5 Tips for Staying Employable as a Young Professional

professional_developmentWhether you’re just about to start your first professional job or you’ve been working for a few years, the need to keep your skills fresh and relevant is always present. US workers will hold an average of 11 jobs over the course of their lifetime; your first professional job is not likely going to be your last. Here are 5 tips for staying employable, even when you’re already employed:

1. Continue networking – Even though you have a job and are not actively searching for employment, continue to network and build your base of professional connections.

  • Consider joining professional associations either through your employer’s memberships or on your own.
  • Leverage the power of social media to stay connected with like-minded professionals all over the world.
  • Use a variety of strategies to network, even when your work schedule is full.

2. Read broadly in your field – Stay current by reading articles from your professional associations’ publications and various trade journals.

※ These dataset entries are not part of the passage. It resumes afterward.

Lemma lam_ata_plus k z : 0 < k -> lam (x_t_x 1 k) z -> exists b, z = x_t_x 1 b.
Proof.
move=> k0 [tz mz az].
have z01 : {subset z <= [:: 0; 1]} by move=> y; rewrite -(tau1_mem y tz); apply: x_t_x_sub01.
have z1 : count_mem 1 z = 1.
  have : 1 \in z by rewrite -(tau1_mem 1 tz) mem_cat mem_head orbT.
  rewrite -has_pred1 has_count.
  have : ~ multiple 1 z by rewrite -mz multiple_x_t_x => -[].
  rewrite /multiple; lia.
have [a [b ez]] := x_t_x_of_sub01 z01 z1; exists b; rewrite ez.
have x_mult : multiple 0 (x_t_x 1 k) by rewrite multiple_x_t_x; lia.
have := az 0 x_mult; rewrite ez !first_two_adjacent_x_t_x.
have := mz 0; rewrite ez !multiple_x_t_x.
case: (eqVneq a 1) => [->|a1] //; lia.
Qed.

Lemma index_x_t_x a b s : index 1 (x_t_x a b ++ s) = a.
Proof. by rewrite -catA index_cat mem_nseq andbF /= size_nseq addn0. Qed.

Lemma factor_x_t_x P w Q b : P ++ w ++ Q = x_t_x 1 b -> ata_factor w.
Proof.
move=> e.
have w01 : {subset w <= [:: 0; 1]}.
  by move=> y yw; apply: (@x_t_x_sub01 1 b); rewrite -e !mem_cat yw orbT.
have c1 := congr1 (count_mem 1) e; rewrite count_x_t_x !count_cat in c1.
have [w1|w1] := boolP (1 \in w); last by left; exists (size w); apply: nseq_of_sub01.
have w1c : count_mem 1 w = 1 by move: w1; rewrite -has_pred1 has_count; lia.
have P1 : 1 \notin P by apply/count_memPn; lia.
have [c [d ew]] := x_t_x_of_sub01 w01 w1c.
right; exists c, d; split=> //.
have := congr1 (index 1) e.
by rewrite ew index_cat (negbTE P1) index_x_t_x -[x_t_x 1 b]cats0 index_x_t_x; lia.
Qed.

Lemma x_t_x_rcons a b : x_t_x a b ++ [:: 0] = x_t_x a b.+1.
Proof. by rewrite /x_t_x -catA; congr (_ ++ 1 :: _); rewrite -[b.+1]addn1 nseqD. Qed.

Lemma below_ata_plusP w : below ata_plus w <-> ata_factor w.
Proof.
split=> [[_ [p [s [[k [k0 ->]] l]]]]|[[j ->]|[a [b [a1 ->]]]]].
- by have [b e] := lam_ata_plus k0 l; apply: factor_x_t_x e.
- exists (x_t_x 1 j.+1), [:: 0; 1], [:: 0]; split; first by exists j.+1.
  by rewrite -x_t_x_rcons catA; apply: lam_refl.
- exists (x_t_x 1 b.+1), (nseq (1 - a) 0), [:: 0]; split; first by exists b.+1.
  by rewrite -x_t_x_rcons catA; case: a a1 => [|[|]] // _; apply: lam_refl.
Qed.

Lemma below_ata_plus_nil : below ata_plus [::].
Proof. by apply/below_ata_plusP; left; exists 0. Qed.

Lemma not_below_ata_plus_2 : ~ below ata_plus [:: 2].
Proof. by move/below_ata_plusP=> [[[|[|j]]]|[[|[|a]] [[|b] []]]]. Qed.

Section XtxIdentity.
Variable S : word -> word -> Prop.
Hypothesis HS : fi_congruence S.

Lemma S_ctx P Q u v : S u v -> S (P ++ u ++ Q) (P ++ v ++ Q).
Proof. by move=> Suv; apply: (fic_mul HS (fic_refl HS P) (fic_mul HS Suv (fic_refl HS Q))). Qed.

Lemma S_cons x u v : S u v -> S (x :: u) (x :: v).
Proof. exact: (fic_mul HS (fic_refl HS [:: x])). Qed.

Hypothesis xtx_xtxx : S [:: 0; 1; 0] [:: 0; 1; 0; 0].

Lemma S_square_later P Q R : S (P ++ 0 :: Q ++ 0 :: R) (P ++ 0 :: Q ++ 0 :: 0 :: R).
Proof.
have := S_ctx P R (fic_subst HS (fun y => if y == 1 then Q else [:: y]) xtx_xtxx).
by rewrite /= -!catA.
Qed.

Lemma S_pow_square P R n : S (P ++ nseq n.+2 0 ++ R) (P ++ [:: 0; 0] ++ R).
Proof.
elim: n => [|n IH]; first exact: (fic_refl HS).
by apply: (fic_trans HS) IH; move: (S_square_later P [::] (nseq n 0 ++ R)) => /(fic_sym HS).
Qed.

Lemma S_later_pow Q n : S (0 :: Q ++ nseq n.+1 0) (0 :: Q ++ [:: 0]).
Proof.
elim: n => [|n IH]; first exact: (fic_refl HS).
by apply: (fic_trans HS) IH; move: (S_square_later [::] Q (nseq n 0)) => /(fic_sym HS).
Qed.

Hypothesis not_xtx_xxtx : ~ S [:: 0; 1; 0] [:: 0; 0; 1; 0].

Lemma not_S_x_xx : ~ S [:: 0] [:: 0; 0].
Proof. by move=> S_x_xx; apply/not_xtx_xxtx/(S_ctx [::] [:: 1; 0] S_x_xx). Qed.

Lemma not_S_x_pow n : ~ S [:: 0] (nseq n.+2 0).
Proof.
move=> S_x_pow; apply: not_S_x_xx; apply: (fic_trans HS S_x_pow).
by have := S_pow_square [::] [::] n; rewrite /= !cats0.
Qed.

Lemma not_S_nil_pow n : ~ S [::] (nseq n.+1 0).
Proof. by move/(S_cons 0); apply: not_S_x_pow. Qed.

Lemma S_capped_pow m n : S (nseq m 0) (nseq n 0) -> minn m 2 = minn n 2.
Proof.
wlog le_mn : m n / m <= n.
  move=> sym Smn; have [le|/ltnW le] := leqP m n; first exact: sym.
  by rewrite (sym n m le (fic_sym HS Smn)).
case: m n le_mn => [|[|m]] [|[|n]] // _.
- by move/not_S_nil_pow.
- by move/not_S_nil_pow.
- by move/not_S_x_pow.
Qed.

  • Follow, and engage, your industry’s thought leaders on Twitter and LinkedIn, and read up on the trends and movements impacting your field.
  • Subscribe to relevant blogs and other curators of industry news.

3. Take a class – Keep your skills and knowledge fresh by taking classes or seminars in your field.

  • Some employers may provide on-going professional development support through conferences, webinars, classes, training seminars, etc.
  • Whether or not your employer provides this benefit, don’t limit yourself to their offerings.
  • You can participate in learning opportunities that expand your knowledge base through local community colleges, national professional associations, or web-based MOOCs.

4. Conduct information interviews – Informational interviewing can be an integral part of networking, but it can also be done to identify the most relevant needs within your field.

  • Reach out to professionals who are further along in their careers and find out what skills and experiences they believe are essential. For example:
    • Is there software you need to master? (“You need to be an Excel superstar to do this job.”)
    • Supervisory skills you should develop? (“We typically hire professionals with at least 3 years of supervisory experience.”)
    • Populations you should be supporting? (“All our staff have extensive experience working with youth aged 10-15 yrs.”)

5. Take on new responsibilities – Assuming that the work you’ve been hired to do is being accomplished (and well!), taking on additional responsibilities can help you develop new skills and possibly expose you to a wider range of professionals at work.

  • Express your interest in taking on a wider range of responsibilities with your immediate supervisor.
  • Offer to help colleagues with projects, making sure to ask questions along the way so you can maximize the help you provide.